▶ [Work order] Of all the lines below, output only those starting at the one with "Definition rcons_fun (f" and ending at the one with "Lemma rcons_funK (g", both ends included, exactly as written.

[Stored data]
(* Let $l<h$ be constants and $n$ a positive integer, and let $\phi_0,\phi_1,\phi_2,\ldots$ be univariate polynomials (a polynomial basis), with $\phi_i$ used for index $i$. Suppose there is a function $\xi(m)$ such that for every $m$, every $a_0,\ldots,a_m\in\mathbb{R}^d$ and the univariate polynomial $g(t)=\sum_{i=0}^m a_i\phi_i(t)$, $$\|a_i\|\le \xi(m)\max_{l\le t\le h}\|g(t)\|\quad (i=0,\ldots,m).$$ Suppose also there is a function $\zeta(m_1,\ldots,m_n)$ such that for all $\bar a_{i_1,\ldots,i_n}\in\mathbb{R}^d$ ($i_j=0,\ldots,m_j$) and $\bar g(x_1,\ldots,x_n)=\sum_{i_1=0}^{m_1}\cdots\sum_{i_n=0}^{m_n}\bar a_{i_1,\ldots,i_n}\phi_{i_1}(x_1)\cdots\phi_{i_n}(x_n)$, $$\|\bar a_{i_1,\ldots,i_n}\|\le \zeta(m_1,\ldots,m_n)\max_{l\le x_1,\ldots,x_n\le h}\|\bar g(x_1,\ldots,x_n)\|.$$ Then for all $b_{i_1,\ldots,i_{n+1}}\in\mathbb{R}^d$ ($i_j=0,\ldots,m_j$) and $f(x_1,\ldots,x_{n+1})=\sum_{i_1=0}^{m_1}\cdots\sum_{i_{n+1}=0}^{m_{n+1}} b_{i_1,\ldots,i_{n+1}}\phi_{i_1}(x_1)\cdots\phi_{i_{n+1}}(x_{n+1})$, $$\|b_{i_1,\ldots,i_{n+1}}\|\le \zeta(m_1,\ldots,m_n)\,\xi(m_{n+1})\max_{l\le x_1,\ldots,x_{n+1}\le h}\|f(x_1,\ldots,x_{n+1})\|.$$
   Context: $\|\cdot\|$ denotes a fixed vector norm on $\mathbb{R}^d$ (the paper works with the infinity norm). *)

From HB Require Import structures.
From mathcomp Require Import all_boot all_order all_algebra.
From mathcomp Require Import all_classical all_reals.
Set Implicit Arguments. Unset Strict Implicit. Unset Printing Implicit Defensive.
Import Order.TTheory GRing.Theory Num.Theory.
Local Open Scope ring_scope.
Local Open Scope classical_set_scope.

Definition is_vnorm (R : realType) (d : nat) (N : 'rV[R]_d -> R) : Prop :=
  (forall x y, N (x + y) <= N x + N y) /\
  (forall (c : R) x, N (c *: x) = `|c| * N x) /\
  (forall x, N x = 0 -> x = 0).

Definition uni_eval (R : realType) (d : nat) (phi : nat -> {poly R}) (m : nat)
  (a : nat -> 'rV[R]_d) (t : R) : 'rV[R]_d :=
  \sum_(i < m.+1) (phi i).[t] *: a i.

(* max_{l <= t <= h} N(g(t)), written as the supremum of the (attained) values. *)
Definition uni_max (R : realType) (d : nat) (N : 'rV[R]_d -> R) (l h : R)
  (g : R -> 'rV[R]_d) : R :=
  sup [set N (g t) | t in [set t : R | l <= t <= h]].

(* Multi-indices (i_1..i_n) with 0 <= i_j <= m_j, encoded as finite functions
   with values below max_j m_j + 1 and filtered by i_j <= m_j. *)
Definition mbound (n : nat) (m : 'I_n -> nat) : nat := (\max_(j < n) m j).+1.

Definition multi_eval (R : realType) (d n : nat) (phi : nat -> {poly R})
  (m : 'I_n -> nat) (a : ('I_n -> nat) -> 'rV[R]_d) (x : 'I_n -> R) : 'rV[R]_d :=
  \sum_(i : {ffun 'I_n -> 'I_(mbound m)} | [forall j, (i j <= m j)%N])
     (\prod_(j < n) (phi (i j)).[x j]) *: a (fun j => nat_of_ord (i j)).

Definition multi_max (R : realType) (d n : nat) (N : 'rV[R]_d -> R) (l h : R)
  (g : ('I_n -> R) -> 'rV[R]_d) : R :=
  sup [set N (g x) | x in [set x : 'I_n -> R | forall j, l <= x j <= h]].

From HB Require Import structures.
From mathcomp Require Import all_boot all_order all_algebra.
From mathcomp Require Import all_classical all_reals.
From mathcomp Require Import lra.
Import Order.TTheory GRing.Theory Num.Theory.
Local Open Scope ring_scope.

(* Fix the first n variables at x' and expand f along the last one: each
   coefficient of that univariate expansion is an n-variate expansion with
   coefficients b(i', k).  The univariate bound xi controls these coefficients
   by the max over the last variable, and the n-variate bound zeta controls
   b(i', k) by the max over the remaining variables; chaining the two maxima
   gives the max of f over the whole box. *)

Section SupImage.
Context {R : realType} {T : Type} (A : set T) (F : T -> R).

Lemma sup_image_ub x : (exists C, forall y, A y -> F y <= C) ->
  A x -> F x <= sup [set F y | y in A].
Proof.
move=> [C hC] Ax; apply: sup_upper_bound; last by exists x.
split; first by exists (F x), x.
by exists C => _ [y Ay <-]; exact: hC.
Qed.

Lemma sup_image_le C : (exists x, A x) -> (forall y, A y -> F y <= C) ->
  sup [set F y | y in A] <= C.
Proof.
move=> [x Ax] hC; apply: ge_sup; first by exists (F x), x.
by move=> _ [y Ay <-]; exact: hC.
Qed.

End SupImage.

Definition horner_bound {R : numDomainType} (p : {poly R}) (r : R) : R :=
  \sum_(i < size p) `|p`_i| * r ^+ i.

Lemma normr_horner_le (R : realDomainType) (p : {poly R}) (r t : R) :
  `|t| <= r -> `|p.[t]| <= horner_bound p r.
Proof.
move=> tr; rewrite horner_coef; apply: le_trans (ler_norm_sum _ _ _) _.
apply: ler_sum => i _; rewrite normrM normrX; apply: ler_wpM2l => //.
have r0 : 0 <= r := le_trans (normr_ge0 t) tr.
by apply: lerXn2r; rewrite // qualifE /=.
Qed.

Lemma normr_itv_le (R : realDomainType) (l h t : R) :
  l <= t <= h -> `|t| <= `|l| + `|h|.
Proof.
move=> /andP[lt th]; have := ler_norm h; have := ler_norm (- l).
rewrite normrN; have := normr_ge0 l; have := normr_ge0 h.
by case: (lerP 0 t) => [/ger0_norm|/ltr0_norm] ->; lra.
Qed.

Lemma ge0_ler_pM (R : realDomainType) (x c M : R) :
  0 < x -> 0 <= M -> x <= c * M -> 0 <= c.
Proof. by move=> x0 M0 xcM; rewrite leNgt; apply/negP => c0; nra. Qed.

Section NormedExpansions.
Context {R : realType} {d : nat} (N : 'rV[R]_d -> R).
Hypothesis normN : is_vnorm N.

Let normND x y : N (x + y) <= N x + N y. Proof. by case: normN. Qed.
Let normNZ c x : N (c *: x) = `|c| * N x. Proof. by case: normN => _ []. Qed.

Lemma vnorm0 : N 0 = 0.
Proof. by rewrite -(scale0r (0 : 'rV[R]_d)) normNZ normr0 mul0r. Qed.

Lemma vnorm_ge0 x : 0 <= N x.
Proof.
have := normND x (- x).
by rewrite subrr vnorm0 -scaleN1r normNZ normrN normr1 mul1r; lra.
Qed.

Lemma vnorm_sum {I : Type} (r : seq I) (P : pred I) (F : I -> 'rV[R]_d) :
  N (\sum_(i <- r | P i) F i) <= \sum_(i <- r | P i) N (F i).
Proof.
apply: (big_ind2 (fun a b => N b <= a)) => //; first by rewrite vnorm0.
by move=> x1 x2 y1 y2 h1 h2; apply: le_trans (normND _ _) _; exact: lerD.
Qed.

Variables (l h : R) (phi : nat -> {poly R}).

Lemma multi_eval_bounded n (m : 'I_n -> nat) a : exists C, forall x,
  (forall j, l <= x j <= h) -> N (multi_eval phi m a x) <= C.
Proof.
exists (\sum_(i : {ffun 'I_n -> 'I_(mbound m)} | [forall j, (i j <= m j)%N])
  (\prod_(j < n) horner_bound (phi (i j)) (`|l| + `|h|)) *
    N (a (fun j => nat_of_ord (i j)))).
move=> x hx; apply: le_trans (vnorm_sum _ _ _) _; apply: ler_sum => i _.
rewrite normNZ; apply: ler_wpM2r; first exact: vnorm_ge0.
rewrite normr_prod; apply: ler_prod => j _; rewrite normr_ge0.
exact/normr_horner_le/normr_itv_le.
Qed.

Lemma uni_eval_bounded (m : nat) a : exists C, forall t,
  l <= t <= h -> N (uni_eval phi m a t) <= C.
Proof.
exists (\sum_(i < m.+1) horner_bound (phi i) (`|l| + `|h|) * N (a i)).
move=> t ht; apply: le_trans (vnorm_sum _ _ _) _; apply: ler_sum => i _.
rewrite normNZ; apply: ler_wpM2r; first exact: vnorm_ge0.
exact/normr_horner_le/normr_itv_le.
Qed.

Lemma multi_max_ub n (m : 'I_n -> nat) a x : (forall j, l <= x j <= h) ->
  N (multi_eval phi m a x) <= multi_max N l h (multi_eval phi m a).
Proof. by apply: sup_image_ub; exact: multi_eval_bounded. Qed.

Hypothesis lh : l <= h.

Lemma multi_max_le n (f : ('I_n -> R) -> 'rV[R]_d) C :
  (forall x, (forall j, l <= x j <= h) -> N (f x) <= C) ->
  multi_max N l h f <= C.
Proof. by apply: sup_image_le; exists (fun=> l) => j; rewrite lexx. Qed.

Lemma uni_max_le (f : R -> 'rV[R]_d) C :
  (forall t, l <= t <= h -> N (f t) <= C) -> uni_max N l h f <= C.
Proof. by apply: sup_image_le; exists l; rewrite /= lexx. Qed.

Lemma multi_max_ge0 n (m : 'I_n -> nat) a :
  0 <= multi_max N l h (multi_eval phi m a).
Proof.
apply: le_trans (vnorm_ge0 (multi_eval phi m a (fun=> l))) _.
by apply: multi_max_ub => j; rewrite lexx.
Qed.

Lemma uni_max_ge0 (m : nat) a : 0 <= uni_max N l h (uni_eval phi m a).
Proof.
apply: le_trans (vnorm_ge0 (uni_eval phi m a l)) _.
by apply: sup_image_ub; [exact: uni_eval_bounded | rewrite /= lexx].
Qed.

End NormedExpansions.

(* The bound [mbound m] of the index type in [multi_eval] is only a device to
   make the index set finite: any larger bound gives the same sum. *)
Lemma multi_eval_widen {R : realType} {d n : nat} phi (m : 'I_n -> nat)
    (a : ('I_n -> nat) -> 'rV[R]_d) x {B : nat} :
    (mbound m <= B)%N ->
  multi_eval phi m a x =
  \sum_(i : {ffun 'I_n -> 'I_B} | [forall j, (i j <= m j)%N])
     (\prod_(j < n) (phi (i j)).[x j]) *: a (fun j => nat_of_ord (i j)).
Proof.
move=> mB; rewrite /multi_eval.
rewrite (reindex_onto (fun i : {ffun 'I_n -> 'I_(mbound m)} =>
  [ffun j => widen_ord mB (i j)])
  (fun i : {ffun 'I_n -> 'I_B} => [ffun j => inord (i j)])) /=; last first.
  move=> i /forallP im; apply/ffunP => j; rewrite !ffunE; apply: val_inj.
  rewrite /= inordK // ltnS (leq_trans (im j)) //.
  exact: (@leq_bigmax_cond _ _ (fun j => m j) j).
apply: eq_big => [i|i _]; last first.
  congr (_ *: a _); first by apply: eq_bigr => j _; rewrite ffunE.
  by apply: funext => j; rewrite ffunE.
apply/idP/idP => [/forallP im|/andP[/forallP im _]]; last first.
  by apply/forallP => j; have := im j; rewrite ffunE.
apply/andP; split; first by apply/forallP => j; rewrite ffunE; exact: im.
by apply/eqP/ffunP => j; rewrite !ffunE; apply: val_inj; rewrite /= inordK.
Qed.

Section RconsFun.
Context {n : nat} {T : Type}.

Definition rcons_fun (f : 'I_n -> T) (z : T) (j : 'I_n.+1) : T :=
  if unlift ord_max j is Some j' then f j' else z.

Lemma widen_ord_lift (j : 'I_n) : widen_ord (leqnSn n) j = lift ord_max j.
Proof. by apply: val_inj; rewrite /= /bump leqNgt ltn_ord. Qed.

Lemma rcons_fun_widen (f : 'I_n -> T) z j :
  rcons_fun f z (widen_ord (leqnSn n) j) = f j.
Proof. by rewrite /rcons_fun widen_ord_lift liftK. Qed.

Lemma rcons_fun_max (f : 'I_n -> T) z : rcons_fun f z ord_max = z.
Proof. by rewrite /rcons_fun unlift_none. Qed.

Lemma rcons_fun_ind (P : 'I_n.+1 -> T -> Prop) (f : 'I_n -> T) z :
    (forall j, P (widen_ord (leqnSn n) j) (f j)) -> P ord_max z ->
  forall j, P j (rcons_fun f z j).
Proof.
move=> Pf Pz j; rewrite /rcons_fun.
by case: unliftP => [j' ->|->]; rewrite -?widen_ord_lift.
Qed.

Lemma rcons_funK (g : 'I_n.+1 -> T) :
  rcons_fun (fun j => g (widen_ord (leqnSn n) j)) (g ord_max) = g.
Proof.
by apply: funext => j; rewrite /rcons_fun; case: unliftP => [j' ->|->];
  rewrite ?widen_ord_lift.
Qed.

End RconsFun.

Lemma rcons_fun_comp {n : nat} {T U : Type} (g : T -> U) (f : 'I_n -> T) z j :
  rcons_fun (fun i => g (f i)) (g z) j = g (rcons_fun f z j).
Proof. by rewrite /rcons_fun; case: unlift. Qed.

Definition ffun_rcons {n : nat} {T : finType} (p : T * {ffun 'I_n -> T}) :
  {ffun 'I_n.+1 -> T} := [ffun j => rcons_fun p.2 p.1 j].

Lemma ffun_rcons_bij n (T : finType) : bijective (@ffun_rcons n T).
Proof.
exists (fun g : {ffun 'I_n.+1 -> T} =>
  (g ord_max, [ffun j => g (widen_ord (leqnSn n) j)])).
  move=> [k f]; rewrite /ffun_rcons ffunE rcons_fun_max; congr pair.
  by apply/ffunP => j; rewrite !ffunE rcons_fun_widen.
move=> g; apply/ffunP => j; rewrite ffunE /=.
rewrite -[in RHS](rcons_funK g); congr rcons_fun.
by apply: funext => i; rewrite ffunE.
Qed.

Lemma multi_eval_rcons {R : realType} {d n : nat} phi (m : 'I_n.+1 -> nat)
    (b : ('I_n.+1 -> nat) -> 'rV[R]_d) (x' : 'I_n -> R) t :
  uni_eval phi (m ord_max)
    (fun k => multi_eval phi (fun j => m (widen_ord (leqnSn n) j))
                (fun i' => b (rcons_fun i' k)) x') t
  = multi_eval phi m b (rcons_fun x' t).
Proof.
set m' := fun j => m (widen_ord (leqnSn n) j).
have m'B : (mbound m' <= mbound m)%N.
  by rewrite /mbound ltnS big_ord_recr leq_maxl.
have mnB : ((m ord_max).+1 <= mbound m)%N.
  by rewrite /mbound ltnS big_ord_recr leq_maxr.
rewrite /uni_eval.
under eq_bigr do rewrite (multi_eval_widen _ _ _ _ m'B) scaler_sumr.
rewrite (big_ord_widen _ (fun k => \sum_(i : {ffun 'I_n -> 'I_(mbound m)} |
  [forall j, (i j <= m' j)%N]) (phi k).[t] *:
  (\prod_(j < n) (phi (i j)).[x' j] *:
    b (rcons_fun (fun j => nat_of_ord (i j)) k))) mnB).
rewrite pair_big /= /multi_eval (reindex ffun_rcons) /=; last first.
  exact/onW_bij/ffun_rcons_bij.
apply: eq_big => [[k f]|[k f] _] /=.
  apply/andP/forallP => [[km /forallP fm'] j|im].
    by rewrite ffunE; apply: (rcons_fun_ind (fun j (u : 'I__) => u <= m j)%N).
  split; first by have := im ord_max; rewrite ffunE rcons_fun_max.
  apply/forallP => j; have := im (widen_ord (leqnSn n) j).
  by rewrite ffunE rcons_fun_widen.
rewrite scalerA big_ord_recr /= ffunE !rcons_fun_max mulrC.
congr (_ * _ *: b _).
  by apply: eq_bigr => j _; rewrite ffunE !rcons_fun_widen.
by apply: funext => j; rewrite ffunE rcons_fun_comp.
Qed.

Lemma uni_max_slice_le {R : realType} {d n : nat} (N : 'rV[R]_d -> R)
    (l h : R) phi (m : 'I_n.+1 -> nat) (b : ('I_n.+1 -> nat) -> 'rV[R]_d)
    (x' : 'I_n -> R) :
    is_vnorm N -> l <= h -> (forall j, l <= x' j <= h) ->
  uni_max N l h (uni_eval phi (m ord_max)
    (fun k => multi_eval phi (fun j => m (widen_ord (leqnSn n) j))
                (fun i' => b (rcons_fun i' k)) x'))
  <= multi_max N l h (multi_eval phi m b).
Proof.
move=> normN lh x'lh; apply: uni_max_le => // t tlh.
rewrite multi_eval_rcons; apply: multi_max_ub => //.
exact: (rcons_fun_ind (fun _ u => l <= u <= h)).
Qed.

Theorem lemma1 (R : realType) (d n : nat) (N : 'rV[R]_d -> R) (l h : R)
  (phi : nat -> {poly R}) (xi : nat -> R) (zeta : ('I_n -> nat) -> R) :
  is_vnorm N -> l < h -> (0 < n)%N ->
  (forall (m : nat) (a : nat -> 'rV[R]_d) (i : nat), (i <= m)%N ->
     N (a i) <= xi m * uni_max N l h (uni_eval phi m a)) ->
  (forall (m : 'I_n -> nat) (a : ('I_n -> nat) -> 'rV[R]_d) (i : 'I_n -> nat),
     (forall j, (i j <= m j)%N) ->
     N (a i) <= zeta m * multi_max N l h (multi_eval phi m a)) ->
  forall (m : 'I_n.+1 -> nat) (b : ('I_n.+1 -> nat) -> 'rV[R]_d)
         (i : 'I_n.+1 -> nat),
    (forall j, (i j <= m j)%N) ->
    N (b i) <= zeta (fun j : 'I_n => m (widen_ord (leqnSn n) j)) * xi (m ord_max)
               * multi_max N l h (multi_eval phi m b).
Proof.
move=> normN /ltW lh _ xiP zetaP m b i im.
set m' := fun j => m (widen_ord (leqnSn n) j).
set i' := fun j => i (widen_ord (leqnSn n) j).
have i'm' : forall j, (i' j <= m' j)%N by move=> j; exact: im.
(* Unless N vanishes identically (then both sides are 0), evaluating the
   hypotheses at a constant vector of positive norm shows zeta, xi >= 0. *)
have [[v Nv]|] := pselect (exists v, 0 < N v); last first.
  move=> /forallNP Nle0; have N0 v : N v = 0.
    by apply/eqP; rewrite eq_le vnorm_ge0 // andbT leNgt; apply/negP.
  have -> : multi_max N l h (multi_eval phi m b) = 0.
    apply/eqP; rewrite eq_le multi_max_ge0 // andbT.
    by rewrite multi_max_le // => x _; rewrite N0.
  by rewrite N0 mulr0.
have zeta0 : 0 <= zeta m'.
  apply: ge0_ler_pM Nv _ (zetaP m' (fun=> v) i' i'm'); exact: multi_max_ge0.
have xi0 : 0 <= xi (m ord_max).
  apply: ge0_ler_pM Nv _ (xiP _ (fun=> v) 0%N (leq0n _)); exact: uni_max_ge0.
have := zetaP m' (fun i' => b (rcons_fun i' (i ord_max))) i' i'm'.
rewrite rcons_funK => /le_trans; apply; rewrite -mulrA ler_wpM2l //.
apply: multi_max_le => // x' x'lh.
pose slice k := multi_eval phi m' (fun i'' => b (rcons_fun i'' k)) x'.
apply: le_trans (xiP _ slice _ (im ord_max)) _; rewrite ler_wpM2l //.
exact: uni_max_slice_le.
Qed.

▶ [Answer box]
Definition rcons_fun (f : 'I_n -> T) (z : T) (j : 'I_n.+1) : T :=
  if unlift ord_max j is Some j' then f j' else z.

Lemma widen_ord_lift (j : 'I_n) : widen_ord (leqnSn n) j = lift ord_max j.
Proof. by apply: val_inj; rewrite /= /bump leqNgt ltn_ord. Qed.

Lemma rcons_fun_widen (f : 'I_n -> T) z j :
  rcons_fun f z (widen_ord (leqnSn n) j) = f j.
Proof. by rewrite /rcons_fun widen_ord_lift liftK. Qed.

Lemma rcons_fun_max (f : 'I_n -> T) z : rcons_fun f z ord_max = z.
Proof. by rewrite /rcons_fun unlift_none. Qed.

Lemma rcons_fun_ind (P : 'I_n.+1 -> T -> Prop) (f : 'I_n -> T) z :
    (forall j, P (widen_ord (leqnSn n) j) (f j)) -> P ord_max z ->
  forall j, P j (rcons_fun f z j).
Proof.
move=> Pf Pz j; rewrite /rcons_fun.
by case: unliftP => [j' ->|->]; rewrite -?widen_ord_lift.
Qed.

Lemma rcons_funK (g : 'I_n.+1 -> T) :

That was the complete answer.